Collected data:
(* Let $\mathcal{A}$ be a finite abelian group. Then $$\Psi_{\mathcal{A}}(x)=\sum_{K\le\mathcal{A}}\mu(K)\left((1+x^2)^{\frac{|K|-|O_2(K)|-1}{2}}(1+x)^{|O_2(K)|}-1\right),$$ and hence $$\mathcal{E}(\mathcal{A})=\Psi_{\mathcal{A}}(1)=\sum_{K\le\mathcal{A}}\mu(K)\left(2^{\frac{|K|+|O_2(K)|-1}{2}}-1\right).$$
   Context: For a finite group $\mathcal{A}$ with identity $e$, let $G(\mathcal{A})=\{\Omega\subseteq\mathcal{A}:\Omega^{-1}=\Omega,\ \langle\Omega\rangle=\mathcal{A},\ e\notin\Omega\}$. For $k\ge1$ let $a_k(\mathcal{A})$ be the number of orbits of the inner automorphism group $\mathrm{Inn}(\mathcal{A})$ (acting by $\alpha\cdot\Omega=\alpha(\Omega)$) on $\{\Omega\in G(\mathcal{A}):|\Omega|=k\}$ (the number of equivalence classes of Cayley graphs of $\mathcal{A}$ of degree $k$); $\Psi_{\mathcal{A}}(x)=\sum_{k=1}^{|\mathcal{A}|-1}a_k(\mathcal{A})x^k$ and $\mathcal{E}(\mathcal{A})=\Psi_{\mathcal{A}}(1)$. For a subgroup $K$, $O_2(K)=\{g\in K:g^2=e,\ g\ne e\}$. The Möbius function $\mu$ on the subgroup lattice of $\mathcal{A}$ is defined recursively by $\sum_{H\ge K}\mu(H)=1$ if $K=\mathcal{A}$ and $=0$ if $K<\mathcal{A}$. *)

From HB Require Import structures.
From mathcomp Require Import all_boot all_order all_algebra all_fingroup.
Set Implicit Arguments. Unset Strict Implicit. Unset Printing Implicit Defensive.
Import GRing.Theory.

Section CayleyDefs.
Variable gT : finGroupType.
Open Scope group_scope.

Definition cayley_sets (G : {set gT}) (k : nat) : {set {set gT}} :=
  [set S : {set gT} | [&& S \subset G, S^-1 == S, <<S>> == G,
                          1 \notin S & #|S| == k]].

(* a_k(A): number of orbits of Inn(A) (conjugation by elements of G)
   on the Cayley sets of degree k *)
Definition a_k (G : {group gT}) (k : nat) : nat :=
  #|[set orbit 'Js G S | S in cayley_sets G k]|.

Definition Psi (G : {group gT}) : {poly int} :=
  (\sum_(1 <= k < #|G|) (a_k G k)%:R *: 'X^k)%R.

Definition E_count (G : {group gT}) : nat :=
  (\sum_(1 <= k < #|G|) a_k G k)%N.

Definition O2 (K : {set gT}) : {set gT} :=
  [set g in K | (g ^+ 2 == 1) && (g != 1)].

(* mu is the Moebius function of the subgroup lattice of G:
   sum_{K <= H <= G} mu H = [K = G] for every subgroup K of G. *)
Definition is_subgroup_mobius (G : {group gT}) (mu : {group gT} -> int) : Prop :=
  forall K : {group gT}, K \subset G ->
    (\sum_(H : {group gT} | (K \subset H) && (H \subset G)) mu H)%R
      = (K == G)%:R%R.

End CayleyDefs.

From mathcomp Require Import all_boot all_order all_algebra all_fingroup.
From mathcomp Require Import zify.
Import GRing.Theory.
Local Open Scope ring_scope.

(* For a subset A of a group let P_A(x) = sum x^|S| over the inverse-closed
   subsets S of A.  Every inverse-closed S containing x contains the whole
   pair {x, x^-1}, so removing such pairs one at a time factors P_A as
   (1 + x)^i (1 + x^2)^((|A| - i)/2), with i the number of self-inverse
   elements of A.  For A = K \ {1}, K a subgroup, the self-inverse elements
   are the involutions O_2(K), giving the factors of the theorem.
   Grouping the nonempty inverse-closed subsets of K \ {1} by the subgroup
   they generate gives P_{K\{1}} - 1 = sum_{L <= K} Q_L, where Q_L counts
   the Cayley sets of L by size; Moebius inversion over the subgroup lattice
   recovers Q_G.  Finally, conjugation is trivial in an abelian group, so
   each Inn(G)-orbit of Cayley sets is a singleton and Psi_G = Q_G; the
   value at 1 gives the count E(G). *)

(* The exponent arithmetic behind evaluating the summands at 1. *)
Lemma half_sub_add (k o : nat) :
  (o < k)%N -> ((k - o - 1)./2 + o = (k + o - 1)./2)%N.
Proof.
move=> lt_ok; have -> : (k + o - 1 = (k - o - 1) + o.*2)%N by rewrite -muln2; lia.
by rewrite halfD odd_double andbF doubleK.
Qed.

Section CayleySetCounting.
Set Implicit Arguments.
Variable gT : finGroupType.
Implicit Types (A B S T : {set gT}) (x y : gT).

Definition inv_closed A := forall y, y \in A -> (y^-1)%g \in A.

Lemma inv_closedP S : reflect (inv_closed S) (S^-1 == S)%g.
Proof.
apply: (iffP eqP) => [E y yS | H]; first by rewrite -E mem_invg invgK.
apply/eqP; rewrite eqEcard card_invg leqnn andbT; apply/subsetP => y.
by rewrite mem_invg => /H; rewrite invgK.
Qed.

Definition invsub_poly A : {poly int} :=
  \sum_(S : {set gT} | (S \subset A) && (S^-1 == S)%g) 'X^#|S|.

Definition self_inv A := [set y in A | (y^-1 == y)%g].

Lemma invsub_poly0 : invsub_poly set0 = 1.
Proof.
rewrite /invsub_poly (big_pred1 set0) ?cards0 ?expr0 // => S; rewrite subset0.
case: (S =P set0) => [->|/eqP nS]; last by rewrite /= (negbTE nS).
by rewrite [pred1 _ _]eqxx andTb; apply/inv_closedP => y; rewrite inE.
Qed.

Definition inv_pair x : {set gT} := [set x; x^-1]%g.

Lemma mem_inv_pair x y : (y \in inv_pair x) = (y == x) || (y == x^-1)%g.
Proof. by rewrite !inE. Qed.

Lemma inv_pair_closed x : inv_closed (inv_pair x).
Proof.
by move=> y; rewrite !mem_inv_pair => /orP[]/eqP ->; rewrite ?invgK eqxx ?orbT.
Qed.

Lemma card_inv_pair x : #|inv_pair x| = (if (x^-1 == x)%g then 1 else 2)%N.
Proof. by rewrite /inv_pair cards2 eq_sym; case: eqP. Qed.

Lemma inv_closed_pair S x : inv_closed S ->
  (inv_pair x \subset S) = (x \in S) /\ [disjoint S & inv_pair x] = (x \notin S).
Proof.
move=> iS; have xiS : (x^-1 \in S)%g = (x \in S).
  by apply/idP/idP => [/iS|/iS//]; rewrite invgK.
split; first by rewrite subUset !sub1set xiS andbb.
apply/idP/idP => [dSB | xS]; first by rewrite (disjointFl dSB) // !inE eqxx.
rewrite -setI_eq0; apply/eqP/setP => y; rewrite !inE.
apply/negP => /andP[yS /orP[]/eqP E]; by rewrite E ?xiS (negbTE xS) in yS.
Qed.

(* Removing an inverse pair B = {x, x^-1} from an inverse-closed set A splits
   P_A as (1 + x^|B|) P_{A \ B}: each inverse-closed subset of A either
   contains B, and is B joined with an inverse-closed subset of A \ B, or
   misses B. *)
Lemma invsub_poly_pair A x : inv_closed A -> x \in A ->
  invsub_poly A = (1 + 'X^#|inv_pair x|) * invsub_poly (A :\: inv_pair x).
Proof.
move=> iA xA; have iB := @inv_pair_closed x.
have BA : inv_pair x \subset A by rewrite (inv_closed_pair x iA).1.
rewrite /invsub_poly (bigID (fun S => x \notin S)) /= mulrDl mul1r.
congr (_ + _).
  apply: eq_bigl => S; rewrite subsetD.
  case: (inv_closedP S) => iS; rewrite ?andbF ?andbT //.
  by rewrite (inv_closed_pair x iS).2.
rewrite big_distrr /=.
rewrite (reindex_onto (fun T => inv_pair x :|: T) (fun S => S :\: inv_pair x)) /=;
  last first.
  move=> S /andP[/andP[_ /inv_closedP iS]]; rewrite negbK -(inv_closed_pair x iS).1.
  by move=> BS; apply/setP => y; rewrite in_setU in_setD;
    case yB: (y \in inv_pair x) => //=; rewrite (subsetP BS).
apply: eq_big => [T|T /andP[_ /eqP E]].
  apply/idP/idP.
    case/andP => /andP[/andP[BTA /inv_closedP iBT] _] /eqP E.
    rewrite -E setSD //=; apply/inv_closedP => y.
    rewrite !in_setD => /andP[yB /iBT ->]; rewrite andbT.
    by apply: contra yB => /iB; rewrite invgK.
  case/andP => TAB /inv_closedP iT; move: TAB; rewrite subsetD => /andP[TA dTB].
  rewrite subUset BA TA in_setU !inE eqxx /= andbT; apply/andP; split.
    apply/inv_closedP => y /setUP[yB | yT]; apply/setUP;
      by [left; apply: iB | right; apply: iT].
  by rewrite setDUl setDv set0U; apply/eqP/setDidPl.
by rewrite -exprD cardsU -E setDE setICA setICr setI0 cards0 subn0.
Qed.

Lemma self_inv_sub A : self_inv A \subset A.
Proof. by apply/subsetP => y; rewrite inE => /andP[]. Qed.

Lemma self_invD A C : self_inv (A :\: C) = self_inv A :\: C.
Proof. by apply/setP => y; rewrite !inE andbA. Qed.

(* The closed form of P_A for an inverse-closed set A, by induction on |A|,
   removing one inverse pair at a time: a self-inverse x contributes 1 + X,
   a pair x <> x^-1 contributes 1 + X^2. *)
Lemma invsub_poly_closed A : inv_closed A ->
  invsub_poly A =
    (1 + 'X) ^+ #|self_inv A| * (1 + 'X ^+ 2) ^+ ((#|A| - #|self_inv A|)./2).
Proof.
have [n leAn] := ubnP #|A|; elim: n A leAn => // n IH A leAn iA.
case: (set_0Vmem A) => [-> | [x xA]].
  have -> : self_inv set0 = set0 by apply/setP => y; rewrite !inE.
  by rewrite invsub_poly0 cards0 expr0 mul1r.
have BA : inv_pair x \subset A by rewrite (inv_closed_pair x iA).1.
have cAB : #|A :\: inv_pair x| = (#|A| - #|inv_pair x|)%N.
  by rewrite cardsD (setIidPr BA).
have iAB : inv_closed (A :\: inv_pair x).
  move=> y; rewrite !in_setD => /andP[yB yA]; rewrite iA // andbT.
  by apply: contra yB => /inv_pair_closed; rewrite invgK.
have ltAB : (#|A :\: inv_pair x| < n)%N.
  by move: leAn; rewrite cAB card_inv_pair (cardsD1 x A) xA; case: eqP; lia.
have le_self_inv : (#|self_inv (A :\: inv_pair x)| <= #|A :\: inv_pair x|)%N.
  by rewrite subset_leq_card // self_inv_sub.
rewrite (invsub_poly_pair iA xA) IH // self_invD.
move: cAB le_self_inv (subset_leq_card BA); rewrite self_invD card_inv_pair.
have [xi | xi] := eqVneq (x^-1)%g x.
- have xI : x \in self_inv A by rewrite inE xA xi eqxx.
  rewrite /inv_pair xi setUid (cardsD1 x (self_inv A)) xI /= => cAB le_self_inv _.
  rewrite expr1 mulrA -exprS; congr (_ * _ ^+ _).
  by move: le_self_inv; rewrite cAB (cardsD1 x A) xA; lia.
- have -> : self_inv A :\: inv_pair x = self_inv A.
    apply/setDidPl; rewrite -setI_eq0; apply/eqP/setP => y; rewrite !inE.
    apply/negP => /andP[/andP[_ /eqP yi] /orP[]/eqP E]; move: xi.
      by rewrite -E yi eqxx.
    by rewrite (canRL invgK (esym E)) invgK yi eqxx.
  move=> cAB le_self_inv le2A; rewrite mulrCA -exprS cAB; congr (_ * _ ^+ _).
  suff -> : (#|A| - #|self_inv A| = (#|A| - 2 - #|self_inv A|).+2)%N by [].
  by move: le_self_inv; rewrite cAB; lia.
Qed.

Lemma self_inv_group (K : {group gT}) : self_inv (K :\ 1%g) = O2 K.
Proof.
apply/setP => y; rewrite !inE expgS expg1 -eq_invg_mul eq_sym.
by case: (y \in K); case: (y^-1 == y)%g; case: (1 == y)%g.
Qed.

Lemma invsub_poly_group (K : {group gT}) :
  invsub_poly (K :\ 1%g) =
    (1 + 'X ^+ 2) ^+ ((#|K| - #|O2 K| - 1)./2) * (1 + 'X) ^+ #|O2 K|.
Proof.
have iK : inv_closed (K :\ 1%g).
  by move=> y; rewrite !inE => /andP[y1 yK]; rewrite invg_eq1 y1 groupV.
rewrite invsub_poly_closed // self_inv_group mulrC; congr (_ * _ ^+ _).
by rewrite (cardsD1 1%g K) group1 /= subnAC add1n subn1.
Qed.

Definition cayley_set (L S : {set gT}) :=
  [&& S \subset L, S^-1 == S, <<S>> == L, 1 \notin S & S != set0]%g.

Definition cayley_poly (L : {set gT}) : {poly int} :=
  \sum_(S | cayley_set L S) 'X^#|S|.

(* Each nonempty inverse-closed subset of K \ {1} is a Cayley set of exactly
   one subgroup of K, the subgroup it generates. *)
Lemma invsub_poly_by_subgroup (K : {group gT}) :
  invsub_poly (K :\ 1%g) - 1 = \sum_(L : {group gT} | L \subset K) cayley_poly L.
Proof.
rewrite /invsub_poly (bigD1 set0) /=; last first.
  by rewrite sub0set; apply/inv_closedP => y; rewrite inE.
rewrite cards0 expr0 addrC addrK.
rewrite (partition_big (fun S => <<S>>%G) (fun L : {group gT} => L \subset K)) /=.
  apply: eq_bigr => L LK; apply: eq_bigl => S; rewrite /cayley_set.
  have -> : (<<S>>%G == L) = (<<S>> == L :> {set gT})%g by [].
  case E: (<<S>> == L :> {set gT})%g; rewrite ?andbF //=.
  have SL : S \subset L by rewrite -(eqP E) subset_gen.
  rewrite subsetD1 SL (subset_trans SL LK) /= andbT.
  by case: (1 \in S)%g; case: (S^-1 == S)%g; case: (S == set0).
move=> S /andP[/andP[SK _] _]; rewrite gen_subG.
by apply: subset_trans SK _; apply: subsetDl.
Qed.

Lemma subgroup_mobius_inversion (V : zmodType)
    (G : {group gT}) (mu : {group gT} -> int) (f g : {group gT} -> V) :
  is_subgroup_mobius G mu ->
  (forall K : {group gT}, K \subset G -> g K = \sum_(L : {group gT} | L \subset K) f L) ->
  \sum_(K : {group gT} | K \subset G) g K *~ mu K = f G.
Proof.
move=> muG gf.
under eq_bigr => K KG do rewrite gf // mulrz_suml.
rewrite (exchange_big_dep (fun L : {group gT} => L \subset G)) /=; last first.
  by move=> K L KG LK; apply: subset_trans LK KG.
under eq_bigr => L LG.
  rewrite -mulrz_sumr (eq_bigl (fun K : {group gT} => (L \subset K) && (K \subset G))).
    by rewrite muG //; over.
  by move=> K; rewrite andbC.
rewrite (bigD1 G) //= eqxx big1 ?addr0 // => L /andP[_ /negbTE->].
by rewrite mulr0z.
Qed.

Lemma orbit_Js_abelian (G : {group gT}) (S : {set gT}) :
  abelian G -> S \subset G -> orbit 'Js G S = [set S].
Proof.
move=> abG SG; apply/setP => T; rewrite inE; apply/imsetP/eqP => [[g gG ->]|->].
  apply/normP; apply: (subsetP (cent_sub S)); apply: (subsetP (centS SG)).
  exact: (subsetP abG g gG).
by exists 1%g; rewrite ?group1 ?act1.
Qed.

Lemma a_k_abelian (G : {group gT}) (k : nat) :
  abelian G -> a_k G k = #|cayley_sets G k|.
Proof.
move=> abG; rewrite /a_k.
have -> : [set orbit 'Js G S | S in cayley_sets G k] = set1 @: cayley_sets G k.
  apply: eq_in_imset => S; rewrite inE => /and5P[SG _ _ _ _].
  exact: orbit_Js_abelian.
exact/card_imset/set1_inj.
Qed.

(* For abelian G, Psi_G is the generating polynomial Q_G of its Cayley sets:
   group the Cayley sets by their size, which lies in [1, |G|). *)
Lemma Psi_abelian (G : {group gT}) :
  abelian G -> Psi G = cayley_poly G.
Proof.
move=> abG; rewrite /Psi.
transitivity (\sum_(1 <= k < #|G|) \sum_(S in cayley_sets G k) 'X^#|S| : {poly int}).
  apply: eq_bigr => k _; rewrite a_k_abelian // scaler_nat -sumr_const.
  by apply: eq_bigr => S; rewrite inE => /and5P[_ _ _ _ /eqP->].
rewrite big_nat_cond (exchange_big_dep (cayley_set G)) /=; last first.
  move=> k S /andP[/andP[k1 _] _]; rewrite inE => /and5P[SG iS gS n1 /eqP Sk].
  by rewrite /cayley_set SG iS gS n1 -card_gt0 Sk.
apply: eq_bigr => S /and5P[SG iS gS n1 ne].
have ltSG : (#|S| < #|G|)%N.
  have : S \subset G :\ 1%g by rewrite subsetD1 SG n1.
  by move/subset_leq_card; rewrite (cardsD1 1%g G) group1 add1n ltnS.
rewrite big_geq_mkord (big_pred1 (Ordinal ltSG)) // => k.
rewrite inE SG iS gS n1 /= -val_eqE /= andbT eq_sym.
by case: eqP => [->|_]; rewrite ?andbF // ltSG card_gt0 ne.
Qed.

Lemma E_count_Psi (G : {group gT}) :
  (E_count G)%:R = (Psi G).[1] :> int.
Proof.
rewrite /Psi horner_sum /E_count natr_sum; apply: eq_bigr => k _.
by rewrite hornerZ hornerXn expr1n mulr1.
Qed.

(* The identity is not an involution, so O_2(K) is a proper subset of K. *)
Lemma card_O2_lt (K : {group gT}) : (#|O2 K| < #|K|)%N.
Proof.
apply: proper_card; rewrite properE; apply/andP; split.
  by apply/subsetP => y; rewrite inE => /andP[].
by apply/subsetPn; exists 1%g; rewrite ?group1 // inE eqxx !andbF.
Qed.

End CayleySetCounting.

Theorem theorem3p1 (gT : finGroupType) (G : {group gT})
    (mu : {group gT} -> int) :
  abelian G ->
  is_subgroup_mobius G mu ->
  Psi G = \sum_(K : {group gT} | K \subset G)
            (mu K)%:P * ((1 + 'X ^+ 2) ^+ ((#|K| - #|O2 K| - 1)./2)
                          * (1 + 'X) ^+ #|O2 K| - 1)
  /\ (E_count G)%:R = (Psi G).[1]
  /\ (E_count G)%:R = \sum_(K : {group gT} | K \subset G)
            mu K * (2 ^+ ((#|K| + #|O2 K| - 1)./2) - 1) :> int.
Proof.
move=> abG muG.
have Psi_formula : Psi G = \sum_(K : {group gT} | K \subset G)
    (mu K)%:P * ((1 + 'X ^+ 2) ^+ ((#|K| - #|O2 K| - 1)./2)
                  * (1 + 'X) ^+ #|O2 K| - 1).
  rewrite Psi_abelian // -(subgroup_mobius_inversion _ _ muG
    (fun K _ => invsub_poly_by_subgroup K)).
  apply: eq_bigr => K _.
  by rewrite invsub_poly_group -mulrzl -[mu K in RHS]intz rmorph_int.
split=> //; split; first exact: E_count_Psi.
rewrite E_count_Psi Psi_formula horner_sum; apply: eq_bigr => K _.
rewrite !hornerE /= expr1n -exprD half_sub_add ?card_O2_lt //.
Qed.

==

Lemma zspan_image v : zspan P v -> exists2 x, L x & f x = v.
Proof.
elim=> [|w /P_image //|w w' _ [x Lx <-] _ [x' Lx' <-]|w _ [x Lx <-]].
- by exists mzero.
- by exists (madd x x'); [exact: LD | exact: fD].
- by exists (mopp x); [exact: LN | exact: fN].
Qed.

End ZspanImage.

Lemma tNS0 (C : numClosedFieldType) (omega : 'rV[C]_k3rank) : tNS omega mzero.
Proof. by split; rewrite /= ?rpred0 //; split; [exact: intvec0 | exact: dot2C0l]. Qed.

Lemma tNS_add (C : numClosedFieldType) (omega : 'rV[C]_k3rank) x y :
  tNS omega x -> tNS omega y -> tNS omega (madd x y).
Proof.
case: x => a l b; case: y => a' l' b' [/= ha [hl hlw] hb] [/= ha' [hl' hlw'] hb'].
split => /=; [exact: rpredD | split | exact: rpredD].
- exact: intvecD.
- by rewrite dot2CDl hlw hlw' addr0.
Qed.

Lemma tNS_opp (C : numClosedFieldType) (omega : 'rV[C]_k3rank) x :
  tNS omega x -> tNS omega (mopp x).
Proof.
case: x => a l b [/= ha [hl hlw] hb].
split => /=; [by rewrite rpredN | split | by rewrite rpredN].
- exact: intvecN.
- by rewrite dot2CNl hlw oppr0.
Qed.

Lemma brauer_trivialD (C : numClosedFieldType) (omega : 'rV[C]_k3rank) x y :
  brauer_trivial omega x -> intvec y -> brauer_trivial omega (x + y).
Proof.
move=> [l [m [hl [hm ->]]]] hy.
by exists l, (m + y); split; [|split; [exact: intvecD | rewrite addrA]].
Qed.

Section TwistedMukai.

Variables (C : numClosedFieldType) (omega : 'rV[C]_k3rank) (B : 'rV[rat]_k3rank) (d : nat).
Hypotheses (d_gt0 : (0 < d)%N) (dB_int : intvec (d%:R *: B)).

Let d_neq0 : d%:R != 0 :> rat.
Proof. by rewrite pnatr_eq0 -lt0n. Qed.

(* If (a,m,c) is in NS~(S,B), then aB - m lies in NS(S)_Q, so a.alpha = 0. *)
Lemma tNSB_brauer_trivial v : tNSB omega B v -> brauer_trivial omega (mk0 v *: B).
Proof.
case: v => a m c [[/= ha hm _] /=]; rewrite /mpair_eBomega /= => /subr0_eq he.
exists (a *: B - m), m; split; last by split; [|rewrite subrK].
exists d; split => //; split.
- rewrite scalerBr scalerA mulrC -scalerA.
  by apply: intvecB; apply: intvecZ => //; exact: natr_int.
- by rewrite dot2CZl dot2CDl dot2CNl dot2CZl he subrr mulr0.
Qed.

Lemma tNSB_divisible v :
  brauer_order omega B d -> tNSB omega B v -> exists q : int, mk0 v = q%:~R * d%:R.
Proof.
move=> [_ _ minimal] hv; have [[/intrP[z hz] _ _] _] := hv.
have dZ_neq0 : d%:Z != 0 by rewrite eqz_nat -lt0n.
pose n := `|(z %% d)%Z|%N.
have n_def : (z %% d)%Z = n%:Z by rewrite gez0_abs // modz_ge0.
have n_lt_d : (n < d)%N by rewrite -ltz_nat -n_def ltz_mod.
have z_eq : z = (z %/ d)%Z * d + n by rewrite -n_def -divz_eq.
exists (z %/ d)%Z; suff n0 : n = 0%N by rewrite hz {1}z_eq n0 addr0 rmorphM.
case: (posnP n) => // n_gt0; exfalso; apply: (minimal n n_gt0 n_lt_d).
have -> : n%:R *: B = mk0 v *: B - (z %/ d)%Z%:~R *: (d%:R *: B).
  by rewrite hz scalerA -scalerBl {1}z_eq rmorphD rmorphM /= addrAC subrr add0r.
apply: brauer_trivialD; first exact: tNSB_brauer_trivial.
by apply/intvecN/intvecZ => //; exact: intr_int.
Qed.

▶ **EXERCISE DETAILS**
Take the lines above from the one containing "- by rewrite dot2CNl hlw oppr0." to the one containing "have -> : n%:R" and retype them exactly, both ends included, with nothing added.

▶ **PROBLEM SOLUTION**
- by rewrite dot2CNl hlw oppr0.
Qed.

Lemma brauer_trivialD (C : numClosedFieldType) (omega : 'rV[C]_k3rank) x y :
  brauer_trivial omega x -> intvec y -> brauer_trivial omega (x + y).
Proof.
move=> [l [m [hl [hm ->]]]] hy.
by exists l, (m + y); split; [|split; [exact: intvecD | rewrite addrA]].
Qed.

Section TwistedMukai.

Variables (C : numClosedFieldType) (omega : 'rV[C]_k3rank) (B : 'rV[rat]_k3rank) (d : nat).
Hypotheses (d_gt0 : (0 < d)%N) (dB_int : intvec (d%:R *: B)).

Let d_neq0 : d%:R != 0 :> rat.
Proof. by rewrite pnatr_eq0 -lt0n. Qed.

(* If (a,m,c) is in NS~(S,B), then aB - m lies in NS(S)_Q, so a.alpha = 0. *)
Lemma tNSB_brauer_trivial v : tNSB omega B v -> brauer_trivial omega (mk0 v *: B).
Proof.
case: v => a m c [[/= ha hm _] /=]; rewrite /mpair_eBomega /= => /subr0_eq he.
exists (a *: B - m), m; split; last by split; [|rewrite subrK].
exists d; split => //; split.
- rewrite scalerBr scalerA mulrC -scalerA.
  by apply: intvecB; apply: intvecZ => //; exact: natr_int.
- by rewrite dot2CZl dot2CDl dot2CNl dot2CZl he subrr mulr0.
Qed.

Lemma tNSB_divisible v :
  brauer_order omega B d -> tNSB omega B v -> exists q : int, mk0 v = q%:~R * d%:R.
Proof.
move=> [_ _ minimal] hv; have [[/intrP[z hz] _ _] _] := hv.
have dZ_neq0 : d%:Z != 0 by rewrite eqz_nat -lt0n.
pose n := `|(z %% d)%Z|%N.
have n_def : (z %% d)%Z = n%:Z by rewrite gez0_abs // modz_ge0.
have n_lt_d : (n < d)%N by rewrite -ltz_nat -n_def ltz_mod.
have z_eq : z = (z %/ d)%Z * d + n by rewrite -n_def -divz_eq.
exists (z %/ d)%Z; suff n0 : n = 0%N by rewrite hz {1}z_eq n0 addr0 rmorphM.
case: (posnP n) => // n_gt0; exfalso; apply: (minimal n n_gt0 n_lt_d).
have -> : n%:R *: B = mk0 v *: B - (z %/ d)%Z%:~R *: (d%:R *: B).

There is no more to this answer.